As governments divert more and more resources to servicing their debt burdens, they will have less money for investments that improve people’s lives. The total value of interest payments by the world’s 75 poorest countries, more than half of which are in Africa, has quadrupled over the past decade. By 2024, they are expected to spend more than $185 billion, or about 7.5% of their GDP, on debt servicing.

That’s more than the combined annual spending by these countries on health, education and infrastructure, according to the World Bank. Stagnant growth has reduced countries’ ability to contain infectious diseases amid the growing impacts of climate change, increasing political instability and forcing people to migrate. Nearly 40% of countries eligible for development aid from the World Bank now have lower GDP per capita than before the pandemic, in what the World Bank describes as a “historic reversal in development.”

vicious circle

To better understand the plight of foreign debt, consider Ethiopia. In the 1980s, it was one of the poorest countries in the world and suffered a devastating famine. Yet it has become one of the world’s greatest health and development success stories.

Between 2000 and 2019, deaths from infectious diseases were halved, under-five mortality fell by two-thirds, and maternal mortality fell by three-quarters. Access to sanitation and clean water also improved dramatically. Between 2004 and 2019, Ethiopia’s GDP per capita increased by almost 200%, and its economy grew by about 10% per year.
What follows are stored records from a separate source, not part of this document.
Lemma coef_gap_poly_pos (v : 'rV[R]_k) (j : 'I_k) : (gap_poly v)`_(gap_pos j) = v 0 j.
Proof.
have gap_pos_inj : injective gap_pos.
  by move=> i i'; rewrite /gap_pos; case: ifP => hi; case: ifP => hi'; lia.
rewrite coef_gap_poly (bigD1 j) //= eqxx mulr1 big1 ?addr0 // => i ne_ij.
by rewrite (inj_eq gap_pos_inj) val_eqE eq_sym (negbTE ne_ij) mulr0.
Qed.

Lemma gap_poly_gapped (v : 'rV[R]_k) : gapped k c (gap_poly v).
Proof.
split.
  apply: leq_trans (size_sum _ _ _) _; apply/bigmax_leqP => j _.
  apply: leq_trans (size_scale_leq _ _) _; rewrite size_polyXn /gap_pos.
  by case: ifP => _; have := ltn_ord j; lia.
move=> r r_lt_c; rewrite coef_gap_poly big1 // => j _.
have /negbTE-> : (c + r != gap_pos j)%N by rewrite /gap_pos; case: ifP => hj; apply/eqP; lia.
by rewrite mulr0.
Qed.

Lemma gap_poly_eq0 (v : 'rV[R]_k) : gap_poly v = 0 -> v = 0.
Proof. by move=> v0; apply/rowP => j; rewrite mxE -coef_gap_poly_pos v0 coef0. Qed.

End GapPoly.

Section Code.
Variables (n k c B : nat).
Hypotheses (c_gt0 : (0 < c)%N) (B_gt0 : (0 < B)%N) (n_ge : (2 * k + c * B <= n)%N).

Definition code_word (psi : {poly F}) (v : 'rV[F]_k) : 'rV[F]_n :=
  poly_rV (rVpoly v + 'X^k * (gap_poly c v * (psi \Po 'X^c))).

Lemma code_word_is_linear psi : linear (code_word psi).
Proof.
move=> a u v; rewrite /code_word !linearP /= mulrDl mulrDr -scalerAl -scalerAr.
by rewrite addrACA -scalerDr linearD linearZ.
Qed.

HB.instance Definition _ psi := GRing.isLinear.Build F 'rV[F]_k 'rV[F]_n *:%R
  (code_word psi) (code_word_is_linear psi).

Definition code_space (psi : {poly F}) : {vspace 'rV[F]_n} :=
  (linfun (code_word psi) @: fullv)%VS.

Definition prefix_rV (w : 'rV[F]_n) : 'rV[F]_k := poly_rV (rVpoly w).

Definition suffix_poly (w : 'rV[F]_n) : {poly F} := rVpoly w %/ 'X^k.

Lemma prefix_rV_is_linear : linear prefix_rV.
Proof. by move=> a w1 w2; rewrite /prefix_rV !linearP. Qed.

HB.instance Definition _ := GRing.isLinear.Build F 'rV[F]_n 'rV[F]_k *:%R
  prefix_rV prefix_rV_is_linear.

Lemma suffix_poly_is_linear : linear suffix_poly.
Proof. by move=> a w1 w2; rewrite /suffix_poly linearP divpD divpZl. Qed.

HB.instance Definition _ := GRing.isLinear.Build F 'rV[F]_n {poly F} *:%R
  suffix_poly suffix_poly_is_linear.

Section Psi.
Variable psi : {poly F}.
Hypothesis size_psi : (size psi <= B)%N.

Lemma rVpoly_code_word v :
  rVpoly (code_word psi v) = rVpoly v + 'X^k * (gap_poly c v * (psi \Po 'X^c)).
Proof.
apply: poly_rV_K; apply: leq_trans (size_polyD _ _) _; rewrite geq_max.
apply/andP; split; first by apply: leq_trans (size_poly _ _) _; lia.
apply: leq_trans (size_polyMleq _ _) _; rewrite size_polyXn.
have sP : (size (psi \Po 'X^c) <= (B.-1 * c).+1)%N.
  apply: leq_trans (size_comp_poly_leq _ _) _.
  by rewrite size_polyXn ltnS leq_mul2r -!subn1 leq_sub2r ?orbT.
have cB : (c * B = c + B.-1 * c)%N by rewrite -{1}(prednK B_gt0) mulnS mulnC.
have sgP : (size (gap_poly c v * (psi \Po 'X^c))%R <= k + c * B)%N.
  apply: leq_trans (size_polyMleq _ _) _; rewrite -subn1 leq_subLR.
  apply: leq_trans (leq_add (gap_poly_gapped c v).1 sP) _.
  by rewrite cB; move: (B.-1 * c)%N => m; lia.
rewrite -subn1 leq_subLR; apply: leq_trans (leq_add (leqnn _) sgP) _.
by move: n_ge; move: (c * B)%N => cB'; lia.
Qed.

Lemma prefix_code_word v : prefix_rV (code_word psi v) = v.
Proof.
rewrite /prefix_rV rVpoly_code_word linearD /= rVpolyK -[RHS]addr0; congr (_ + _).
by apply/rowP => j; rewrite !mxE coefXnM ltn_ord.
Qed.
But in recent years, those gains have been lost. Ethiopia has suffered from a series of overlapping crises, from a disease outbreak to a brutal civil war in Tigray. Hundreds of thousands of civilians have died, compounded by natural disasters such as drought, floods and swarms of billions of locusts. With tax revenues dwindling, international aid for basic health and development has fallen to its lowest level in nearly a decade.

The Ethiopian government does not have the money to cope or meet the needs of its more than 120 million people. Debt has become the largest item in the government budget, while investment in human development has stagnated. The government spent just $8 per capita on health compared to $26 on debt servicing in the fiscal year ending July 2021.

Plans to transform the country’s health system have been put on hold. Without adequate funding and stable salaries, health workers are leaving the profession. A vicious cycle of reduced investment in health and development due to lack of financial resources leads to reduced economic growth and consequently reduced health spending.